如何创建正确的返回类型?

时间:2013-06-19 14:30:03

标签: java generics types extends mismatch

我会在底部发布我的问题。

以下是其他类扩展的类。

public class people {

    class family extends people {   
    }

    class friends extends people {  
    }

    class coworkers extends people {    
    }
}

下面是具有getAllPeopleByClass方法的类,该方法由选择类中的getMembers()方法调用:

public class processing {

static processing process = null;
private Collection<family> familyList = new ArrayList<family>();
private Collection<coworkers> cowList = new ArrayList<coworkers>();
private Collection<friends> friendList = new ArrayList<friends>();

public processing(){
}

public static processing getInstance() {
    if (process == null)
        process = new processing();
    return process;
}

public <T> Collection<people> getAllPeopleByClass(Class<T> clazz) {
    Collection<people> peopleCollection;
    peopleCollection.addAll(getList(clazz));
    return peopleCollection;
}

private <T> Collection<? extends people> getList(Class<T> clazz) {
    if (clazz == family.class) {  
        return familyList;  
    } else if (clazz == coworkers.class) {
        return cowList;
    } else { // else if clazz == friends.class
        return friendList;
    }
}

最后,使用处理的类:

 public class familySelection {
  public Collection<family> getMembers() {
    Collection<family> f;
    f = processing.getInstance().getAllPeopleByClass(family.class); //type mismatch
    return f; 
  }
}

 public class coworkerSelection {
  public Collection<coworkers> getMembers() {
    Collection<coworkers> c;
    c = processing.getInstance().getAllPeopleByClass(coworkers.class); //type mismatch
    return c;
  }
}


public class friendsSelection {
  public Collection<friends> getMembers() {
    Collection<friends> f;
    f = processing.getInstance().getAllPeopleByClass(friends.class); //type mismatch
    return f;
  }
}

我的问题是我在每个getMembers()方法中都遇到了getAllPeopleByClass调用的类型不匹配。

我试过这个:

public class familySelection {
  public Collection<family> getMembers() {
    Collection<? extends people> f; //changed to extend from people
    f = processing.getInstance().getAllPeopleByClass(family.class);
    return (Collection<family>) f; //cast warning - dont want that
  }
}

这样可行,但是我得到了一个强制警告,我不想要它,我也不想压制它。这是我最接近解决问题的方法。此外,getMembers()的返回类型必须保持原样。
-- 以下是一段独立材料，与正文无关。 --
Lemma ssc_mass u y : \sum_c ssc u y c = 1.
Proof.
rewrite /ssc_c_prob; under eq_bigr do rewrite (first_block_agree u 0).
exact: (causal_kernel_mass (f := fun i c => cond i c y)
  (fun i c c' h => cond_local y h) (fun i c => cond_mass i c y) _ (leq_addr m l)).
Qed.

(* (2) The SSC decoder recovers the true x with probability
   Pr(X = x, Y = y) / S_l(T x): the conditionals telescope. *)
Lemma ssc_correct x y : 0 < P x y -> ssc (A *m x) y (T x) = P x y / pref l (T x) y.
Proof.
move=> hp; rewrite /ssc_c_prob (first_block_agree _ (B x)) agree_refl mul1r.
have hS i : (l <= i <= n)%N -> pref i (T x) y != 0.
  move=> /andP[_ hi]; apply: lt0r_neq0; apply: lt_le_trans hp _.
  by rewrite -prefix_full; exact: prefix_antitone.
rewrite -prefix_full -(telescope_prod_geq (g := fun i => pref i (T x) y)) ?leq_addr //.
by apply: eq_bigr => i hi; rewrite /cond_prob (negbTE (hS i _)) // hi ltnW.
Qed.

Lemma ssc_error_at x y :
  \sum_(x' | x' != x) Psi_prob A B P d (A *m x) y x' = 1 - ssc (A *m x) y (T x).
Proof.
rewrite -(ssc_mass (A *m x) y) [in RHS](reindex T) /=; last exact: onW_bij.
by rewrite [in RHS](bigD1 x) //= addrAC subrr add0r.
Qed.

Lemma ssc_error_pointwise (phi : 'cV[F]_l -> 'cV[Y]_n -> 'cV[F]_n) x y :
  P x y * (1 - ssc (A *m x) y (T x)) <=
  P x y * (phi (A *m x) y != x)%:R +
  (phi (A *m x) y == x)%:R * \sum_(x' | (A *m x' == A *m x) && (x' != x)) P x' y.
Proof.
rewrite -coset_mass.
have hpS : P x y <= pref l (T x) y.
  by rewrite -prefix_full; exact: prefix_antitone (leq_addr m l).
have [p0|hp] := eqVneq (P x y) 0.
  rewrite p0 !mul0r add0r; apply: mulr_ge0 => //.
  by rewrite subr0 -p0.
have {}hp : 0 < P x y by rewrite lt_def hp P_ge0.
rewrite ssc_correct //.
case: eqP => _ /=; rewrite ?mulr0 ?mulr1 ?mul1r ?mul0r ?add0r ?addr0.
- exact: mass_miss_le.
- apply: ler_piMr => //; rewrite gerBl divr_ge0 //.
  exact: le_trans (P_ge0 x y) hpS.
Qed.
End SSCDecoder.

Theorem theorem3 (R : realFieldType) (F : finFieldType) (Y : finType) (l m : nat)
  (A : 'M[F]_(l, l + m)) (B : 'cV[F]_(l + m) -> 'cV[F]_m)
  (P : 'cV[F]_(l + m) -> 'cV[Y]_(l + m) -> R) (d : F -> R)
  (hA : \rank A = l)
  (hT : bijective (Tmap A B))
  (hP : is_pmf2 P) (hd : is_pmf d)
  (phi : 'cV[F]_l -> 'cV[Y]_(l + m) -> 'cV[F]_(l + m)) :
  ssc_error A B P d <= 2 * dec_error A P phi.
Proof.
have [P_ge0 _] := hP; have [_ d_mass] := hd.
pose coset_rest x y := \sum_(x' | (A *m x' == A *m x) && (x' != x)) P x' y.
have ssc_le : ssc_error A B P d <= \sum_x \sum_y
    (P x y * (phi (A *m x) y != x)%:R + (phi (A *m x) y == x)%:R * coset_rest x y).
  apply: ler_sum => x _; apply: ler_sum => y _.
  rewrite (ssc_error_at P hT d_mass); exact: ssc_error_pointwise.
apply: (le_trans ssc_le); under eq_bigr do rewrite big_split /=.
rewrite big_split /= mulr_natl mulr2n lerD2l exchange_big [leRHS]exchange_big /=.
apply: ler_sum => y _; rewrite /coset_rest.
exact: (decoder_class_bound (mulmx A) (phi^~ y) (P_ge0^~ y)).
Qed.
有没有人有办法在没有任何警告的情况下这样做?或者甚至以某种方式处理这个问题?谢谢!

3 个答案:

答案 0 :(得分:2)

public <T> Collection<T> getAllPeopleByClass(Class<T> clazz) {
    Collection<T> peopleCollection = new ArrayList<T>();
    for(people p : getList(clazz)) {
      peopleCollection.add(clazz.cast(p));
    }
    return peopleCollection;
}

答案 1 :(得分:1)

使用super关键字:

public class familySelection {
  public Collection<? super family> getMembers() {
    Collection<? super family> f;
    f = processing.getInstance().getAllPeopleByClass(family.class);
    return f;
  }
}

UPD:当您只有super个值进入结构时,请使用put通配符。当结构中只有extends个值时,请使用get通配符。当您同时使用getput时,请不要使用通配符。

答案 2 :(得分:0)

我会选择这个版本。它还需要警告抑制,但我认为这是更好的地方。

我也允许自己改变你的Singleton实现。如果你真的想这样做,可以考虑使用枚举。

public enum processing {
    INSTANCE;

    private Collection<family> familyList = new ArrayList<family>();
    private Collection<coworkers> cowList = new ArrayList<coworkers>();
    private Collection<friends> friendList = new ArrayList<friends>();

    public static processing getInstance() {
        return INSTANCE;
    }

    public <T extends people> Collection<T> getAllPeopleByClass(Class<T> clazz) {
        Collection<T> peopleCollection = new ArrayList<T>();
        peopleCollection.addAll(getList(clazz));
        return peopleCollection;
    }

    @SuppressWarnings("unchecked")
    private <T extends people> Collection<T> getList(Class<T> clazz) {
        if (clazz == family.class) {
            return (Collection<T>) familyList;
        } else if (clazz == coworkers.class) {
            return (Collection<T>) cowList;
        } else { // else if clazz == friends.class
            return (Collection<T>) friendList;
        }
    }
}

和familySelection:

public class familySelection {
    public Collection<family> getMembers() {
        Collection<family> f = processing.getInstance().getAllPeopleByClass(family.class);
        return f;
    }
}